The conditions of gas chromatography were as follows: detector, FID; column type and specification, SP2340; chromatographic column, 60 m*0.25 111/11 × 0.2 μm; temperature program, initial temperature (50 °C, 2 min) to 170 °C (10 °C/min; 10 min), 180 °C (2 °C/min; 10 min) and then 220 °C (4 °C/min; 22 min); Inlet temperature, 250 °C; detector temperature, 300 °C; carrier gas, nitrogen; split ratio, 1:50; sample size, 1 μL.

The components of fatty acids were determined based on comparisons with the retention times of samples of different fatty acid standards.
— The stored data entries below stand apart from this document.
Lemma increasing_app_l a b : increasing (a ++ b) -> increasing a.
Proof. unfold increasing; intros H p q Hb; apply H; rewrite precedes_app; auto. Qed.

Lemma increasing_app_r a b : increasing (a ++ b) -> increasing b.
Proof. unfold increasing; intros H p q Hb; apply H; rewrite precedes_app; auto. Qed.

Lemma increasing_seq s len : increasing (seq s len).
Proof.
  revert s; induction len; intros s p q; simpl; [tauto|].
  intros [[-> H]|H].
  - apply in_seq in H; lia.
  - apply (IHlen (S s)); auto.
Qed.

Lemma cyc_sorted_seq s len : cyc_sorted (seq s len).
Proof. exists (seq s len), []. rewrite app_nil_r; split; auto. apply increasing_seq. Qed.

Lemma cyc_sorted_rot u v : cyc_sorted (u ++ v) -> cyc_sorted (v ++ u).
Proof.
  intros (l1 & l2 & Heq & Hs).
  destruct (app_eq_app _ _ _ _ Heq) as (w & [[H1 H2]|[H1 H2]]); subst.
  - exists (v ++ l1), w. split; [now rewrite app_assoc|].
    rewrite <- app_assoc in Hs. exact Hs.
  - exists w, (l2 ++ u). split; [now rewrite <- app_assoc|].
    rewrite <- app_assoc. exact Hs.
Qed.

Lemma cyc_sorted_prefix w q : cyc_sorted (w ++ q) -> cyc_sorted w.
Proof.
  intros (l1 & l2 & Heq & Hs).
  destruct (app_eq_app _ _ _ _ Heq) as (t & [[H1 H2]|[H1 H2]]); subst.
  - exists l1, t. split; auto. apply (increasing_app_inv t q l1).
    rewrite <- app_assoc in Hs. exact Hs.
  - exists w, []. split; [now rewrite app_nil_r|]. simpl.
    apply increasing_app_r in Hs. apply increasing_app_l in Hs. exact Hs.
Qed.

Lemma precedes_In_l l p q : precedes l p q -> In p l.
Proof. induction l; simpl; [tauto|]. intros [[-> _]|H]; auto. Qed.

Lemma precedes_In_r l p q : precedes l p q -> In q l.
Proof. induction l; simpl; [tauto|]. intros [[_ H]|H]; auto. Qed.

Lemma cyc_sorted_threshold L : cyc_sorted L -> exists t, forall p q, precedes L p q ->
  (p < q /\ (p < t -> q < t)) \/ (q < t /\ t <= p).
Proof.
  intros (l1 & l2 & -> & Hs).
  assert (Hl1 : forall p q, precedes l1 p q -> p < q)
    by (intros p q Hb; apply Hs; rewrite precedes_app; auto).
  assert (Hl2 : forall p q, precedes l2 p q -> p < q)
    by (intros p q Hb; apply Hs; rewrite precedes_app; auto).
  assert (Hx : forall p q, In p l2 -> In q l1 -> p < q)
    by (intros p q H1 H2; apply Hs; rewrite precedes_app; auto).
  destruct l1 as [|c l1'].
  - exists 0. intros p q Hb. left. simpl in Hb. split; [apply Hl2; auto|lia].
  - exists c. intros p q Hb. rewrite precedes_app in Hb.
    assert (Hc : forall z, In z (c :: l1') -> c <= z).
    { intros z [->|Hz]; [lia|]. assert (c < z) by (apply Hl1; simpl; auto). lia. }
    destruct Hb as [Hb|[[H1 H2]|Hb]].
    + left. pose proof (Hc p (precedes_In_l _ _ _ Hb)). split; [auto|lia].
    + right. specialize (Hc p H1). specialize (Hx q c H2 (or_introl eq_refl)). lia.
    + left. split; [auto|]. intros _. apply (Hx q c (precedes_In_r _ _ _ Hb)). simpl; auto.
Qed.

Lemma cyc_sorted_split a X b Y : cyc_sorted (a :: X ++ b :: Y) ->
  (forall x, In x X -> cyc_between a b x) /\ (forall y, In y Y -> cyc_between b a y).
Proof.
  intros Hc. destruct (cyc_sorted_threshold _ Hc) as (t & Ht).
  assert (Hab : precedes (a :: X ++ b :: Y) a b)
    by (simpl; left; split; auto; apply in_app_iff; simpl; auto).
  pose proof (Ht _ _ Hab) as Fab.
  split.
  - intros x Hx.
    assert (H1 : precedes (a :: X ++ b :: Y) a x)
      by (simpl; left; split; auto; apply in_app_iff; auto).
    assert (H2 : precedes (a :: X ++ b :: Y) x b).
    { simpl; right. rewrite precedes_app. right; left. simpl; auto. }
    pose proof (Ht _ _ H1); pose proof (Ht _ _ H2). unfold cyc_between; lia.
  - intros y Hy.
    assert (H1 : precedes (a :: X ++ b :: Y) a y)
      by (simpl; left; split; auto; apply in_app_iff; simpl; auto).
    assert (H2 : precedes (a :: X ++ b :: Y) b y).
    { simpl; right. rewrite precedes_app. right; right. simpl; auto. }
    pose proof (Ht _ _ H1); pose proof (Ht _ _ H2). unfold cyc_between; lia.
Qed.

Lemma walk_cons2 (E : nat -> nat -> Prop) x y t :
  walk E (x :: y :: t) <-> E x y /\ walk E (y :: t).
Proof. simpl. tauto. Qed.

Lemma walk_app (E : nat -> nat -> Prop) l1 l2 : walk E (l1 ++ l2) <->
  walk E l1 /\ walk E l2 /\ (l1 <> [] -> l2 <> [] -> E (last l1 0) (hd 0 l2)).
Proof.
  induction l1 as [|x l1 IH].
  - simpl. split; [intros H; repeat split; auto; intros C; congruence| tauto].
  - destruct l1 as [|y l1].
    + destruct l2 as [|z l2]; simpl.
      * split; [intros _; repeat split; auto; intros _ C; congruence|tauto].
      * split; [intros [H1 H2]; repeat split; auto|].
        intros (_ & H2 & H3); split; auto; apply H3; congruence.
    + change ((x :: y :: l1) ++ l2) with (x :: y :: (l1 ++ l2)).
      rewrite walk_cons2. change (y :: l1 ++ l2) with ((y :: l1) ++ l2). rewrite IH.
      rewrite walk_cons2. change (last (x :: y :: l1) 0) with (last (y :: l1) 0). split.
      * intros (H1 & H2 & H3 & H4). repeat split; auto. intros _ Hne. apply H4; congruence.
      * intros ((H1 & H2) & H3 & H4). repeat split; auto. intros _ Hne. apply H4; congruence.
Qed.

Lemma walk_cycle (E : nat -> nat -> Prop) x l : walk E (x :: l ++ [x]) ->
  walk E (x :: l) /\ E (last (x :: l) 0) (hd 0 (x :: l)).
Proof.
  intros H. change (x :: l ++ [x]) with ((x :: l) ++ [x]) in H.
  apply walk_app in H. destruct H as (H1 & _ & H3). split; auto. apply H3; congruence.
Qed.

Lemma walk_map_seq (E : nat -> nat -> Prop) (xs : nat -> nat) :
  (forall t, E (xs t) (xs (S t))) -> forall m p, walk E (map xs (seq p m)).
Proof.
  intros H. induction m as [|m IH]; intros p; [simpl; auto|].
  simpl. destruct m as [|m]; [simpl; auto|].
  specialize (IH (S p)). simpl in IH |- *. split; auto.
Qed.

Lemma clos_rt_mono (R R' : nat -> nat -> Prop) x y :
  (forall u w, R u w -> clos_refl_trans nat R' u w) ->
  clos_refl_trans nat R x y -> clos_refl_trans nat R' x y.
Proof.
  intros H Hr; induction Hr.
  - apply H; auto.
  - apply rt_refl.
  - eapply rt_trans; eauto.
Qed.

Lemma NoDup_app_disjoint {T} (l1 l2 : list T) x : NoDup (l1 ++ l2) -> In x l1 -> ~ In x l2.
Proof.
  induction l1 as [|y l1 IH]; simpl; [tauto|].
  intros H [->|Hx] Hx2; inversion H; subst.
  - apply H2. apply in_app_iff; auto.
  - eapply IH; eauto.
Qed.

Lemma last_In (l : list nat) d : l <> [] -> In (last l d) l.
Proof.
  induction l as [|x l IH]; [congruence|]. intros _. destruct l as [|y l]; simpl; auto.
  right. apply IH. congruence.
Qed.

Lemma hd_In (l : list nat) d : l <> [] -> In (hd d l) l.
Proof. destruct l; [congruence|simpl; auto]. Qed.

Lemma last_app_nonnil (l1 l2 : list nat) d : l2 <> [] -> last (l1 ++ l2) d = last l2 d.
Proof.
  intros H. induction l1 as [|x l1 IH]; simpl; auto.
  rewrite IH. destruct l1; simpl; destruct l2; try congruence; auto.
Qed.

Lemma hd_app_nonnil (l1 l2 : list nat) d : l1 <> [] -> hd d (l1 ++ l2) = hd d l1.
Proof. destruct l1; simpl; congruence. Qed.

Lemma NoDup_hd_last (l : list nat) : NoDup l -> l <> [] -> hd 0 l = last l 0 -> length l = 1.
Proof.
  intros HN Hne Hhl. destruct l as [|x l]; [congruence|].
  destruct l as [|y l]; auto. exfalso. simpl in Hhl.
  apply NoDup_cons_iff in HN as [Hx _]. apply Hx. rewrite Hhl.
  apply (last_In (y :: l) 0). congruence.
Qed.

Definition acyclic (G : nat -> nat -> Prop) : Prop :=
  forall P, NoDup P -> 3 <= length P -> walk G P -> ~ G (last P 0) (hd 0 P).

Definition chord (i j x y : nat) : Prop := (x = i /\ y = j) \/ (x = j /\ y = i).

Lemma no_cycle_of_acyclic (G : nat -> nat -> Prop) :
  acyclic G -> forall x l, NoDup (x :: l) -> 2 <= length l -> ~ walk G (x :: l ++ [x]).
Proof.
  intros H x l HN HL Hw. apply walk_cycle in Hw as [Hw Hc].
  apply (H (x :: l) HN ltac:(simpl; lia) Hw Hc).
Qed.

Lemma noncrossing_sides (E : nat -> nat -> Prop) p q z z' :
  (forall a b c d, E a b -> E c d -> ~ (a < c /\ c < b /\ b < d)) ->
  (forall x y, E x y -> E y x) -> p <> q ->
  E p q -> E z z' -> cyc_between p q z -> cyc_between q p z' -> False.
Proof.
  intros Hnc Hs Hpq H1 H2 C1 C2.
  pose proof (Hs _ _ H1) as H1'; pose proof (Hs _ _ H2) as H2'.
  pose proof (Hnc _ _ _ _ H1 H2); pose proof (Hnc _ _ _ _ H1 H2');
  pose proof (Hnc _ _ _ _ H1' H2); pose proof (Hnc _ _ _ _ H1' H2');
  pose proof (Hnc _ _ _ _ H2 H1); pose proof (Hnc _ _ _ _ H2' H1);
  pose proof (Hnc _ _ _ _ H2 H1'); pose proof (Hnc _ _ _ _ H2' H1').
  unfold cyc_between in *; lia.
Qed.

Lemma walk_crosses_chord (G : nat -> nat -> Prop) p q M : p <> q -> M <> [] -> walk G M ->
  (forall z, In z M -> z <> p /\ z <> q) ->
  cyc_between q p (hd 0 M) -> cyc_between p q (last M 0) ->
  exists z z', G z z' /\ cyc_between q p z /\ cyc_between p q z'.
Proof.
  intros Hpq. induction M as [|x M IH]; [congruence|]. intros _ Hw Hin H1 H2.
  destruct M as [|y M].
  - simpl in *. exfalso. unfold cyc_between in *; lia.
  - rewrite walk_cons2 in Hw. destruct Hw as [Hxy Hw].
    assert (Hy : y <> p /\ y <> q) by (apply Hin; simpl; auto).
    assert (Hc : cyc_between p q y \/ cyc_between q p y) by (unfold cyc_between; lia).
    destruct Hc as [Hc|Hc].
    + exists x, y; simpl in H1; auto.
    + apply IH; auto; [congruence| intros z Hz; apply Hin; simpl; auto].
Qed.

(** A simple walk from [p] to [q] leaves [p] into the arc [(q, p)] and reaches [q] from
    the arc [(p, q)], so one of its edges crosses the chord [pq]. *)
Lemma no_walk_around_chord (G : nat -> nat -> Prop) p q : p <> q ->
  (forall x y, G x y -> G y x) ->
  (forall z, G p z -> cyc_between p z q) -> (forall z, G q z -> cyc_between q z p) ->
  (forall z z', G z z' -> cyc_between q p z -> cyc_between p q z' -> False) ->
  forall Q, NoDup Q -> 3 <= length Q -> walk G Q -> hd 0 Q = p -> last Q 0 = q -> False.
Proof.
  intros Hpq Hs Hp Hq Hx Q HN HL Hw Hh Hl.
  destruct Q as [|x rest]; [simpl in HL; lia|]. simpl in Hh; subst x.
  assert (Hr : rest <> []) by (intro; subst; simpl in HL; lia).
  destruct (exists_last Hr) as (M & z & ->).
  assert (HM : M <> []) by (intro; subst; simpl in HL; lia).
  change (p :: M ++ [z]) with ((p :: M) ++ [z]) in Hw, HN, Hl.
  rewrite last_last in Hl. subst z.
  apply walk_app in Hw. destruct Hw as (Hw1 & _ & Hj).
  specialize (Hj ltac:(congruence) ltac:(congruence)).
  destruct M as [|m M']; [congruence|].
  rewrite walk_cons2 in Hw1. destruct Hw1 as [Hpm Hw1].
  change (last (p :: m :: M') 0) with (last (m :: M') 0) in Hj.
  assert (Hnd : forall z, In z (m :: M') -> z <> p /\ z <> q).
  { intros z Hz. split.
    - intros ->. apply NoDup_app_remove_r in HN. inversion HN; subst. contradiction.
    - intros ->. apply (NoDup_app_disjoint (p :: m :: M') [q] q HN); simpl; auto. }
  pose proof (Hp _ Hpm) as C1. pose proof (Hq _ (Hs _ _ Hj)) as C2.
  assert (A1 : cyc_between q p (hd 0 (m :: M'))).
  { simpl. specialize (Hnd m (or_introl eq_refl)). unfold cyc_between in *; lia. }
  assert (A2 : cyc_between p q (last (m :: M') 0)).
  { pose proof (Hnd _ (last_In (m :: M') 0 ltac:(congruence))).
    unfold cyc_between in *; lia. }
  destruct (walk_crosses_chord G p q (m :: M') Hpq ltac:(congruence) Hw1 Hnd A1 A2)
    as (z & z' & Hzz & Cz & Cz').
  eauto.
Qed.

Lemma walk_split_at_chord (G G' : nat -> nat -> Prop) i j :
  (forall x y, G' x y -> chord i j x y \/ G x y) ->
  forall P, walk G' P -> walk G P \/ exists P1 P2, P = P1 ++ P2 /\ P1 <> [] /\ P2 <> [] /\
     chord i j (last P1 0) (hd 0 P2) /\ walk G' P1 /\ walk G' P2.
Proof.
  intros HG. induction P as [|x P IH]; intros Hw; [left; simpl; auto|].
  destruct P as [|y P]; [left; simpl; auto|].
  rewrite walk_cons2 in Hw. destruct Hw as [Hxy Hw].
  destruct (HG _ _ Hxy) as [Hn|Hg].
  - right. exists [x], (y :: P). repeat split; try congruence; simpl; auto.
  - destruct (IH Hw) as [Hw'|(P1 & P2 & Heq & H1 & H2 & Hn & Hw1 & Hw2)].
    + left. rewrite walk_cons2; auto.
    + right. exists (x :: P1), P2.
      split; [rewrite Heq; reflexivity|]. split; [congruence|]. split; [auto|].
      destruct P1 as [|z P1]; [congruence|].
      split; [simpl; destruct P1; auto|]. split; [|auto].
      simpl in Heq. injection Heq as Hzy. subst z.
      rewrite walk_cons2. split; auto.
Qed.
The relative content of each component was calculated using the area normalization method. The experiment was repeated three times, and an average value of each component was obtained45.

Determination of the yield per unit crown width

Yield per unit crown width also constitutes an important index in excellent germplasm screening. In actual practice, it is unreasonable to consider fruit characters only while ignoring the yield. To further improve the comprehensive evaluation system of the 40 excellent C. oleifera in the low heat valley of Guizhou, the five-year yields per unit crown width of the plants were also taken into account in this study. In full fruit period, the crown width of each plant was measured using the crown projection method: The projected areas of the crown in the east–west and north–south directions were measured, respectively. Specifically, when the projection was close to elliptical, the long axis of the ellipse was marked as a and the short axis was marked as b, and the crown area was calculated based on the formula S = Πab; when the projection was close to circular, the radius r was measured, and the crown area was calculated based on the formula S = Πr2. All fruit was collected and weighed (accurate to 0.1 kg). The yield per unit crown width was calculated as follows:

Yield per unit crown width = total yield/crown area.

Statistical analysis

Software for the analysis and processing of the data and graphs included WPS Office 2019, PS 2020 and SPSS25. The correlations among the characteristics were tested with Kaiser–Meyer–Olkin (KMO) and Bartlett sphericity and analyzed with the Pearson method. PCA was performed through dimension reduction.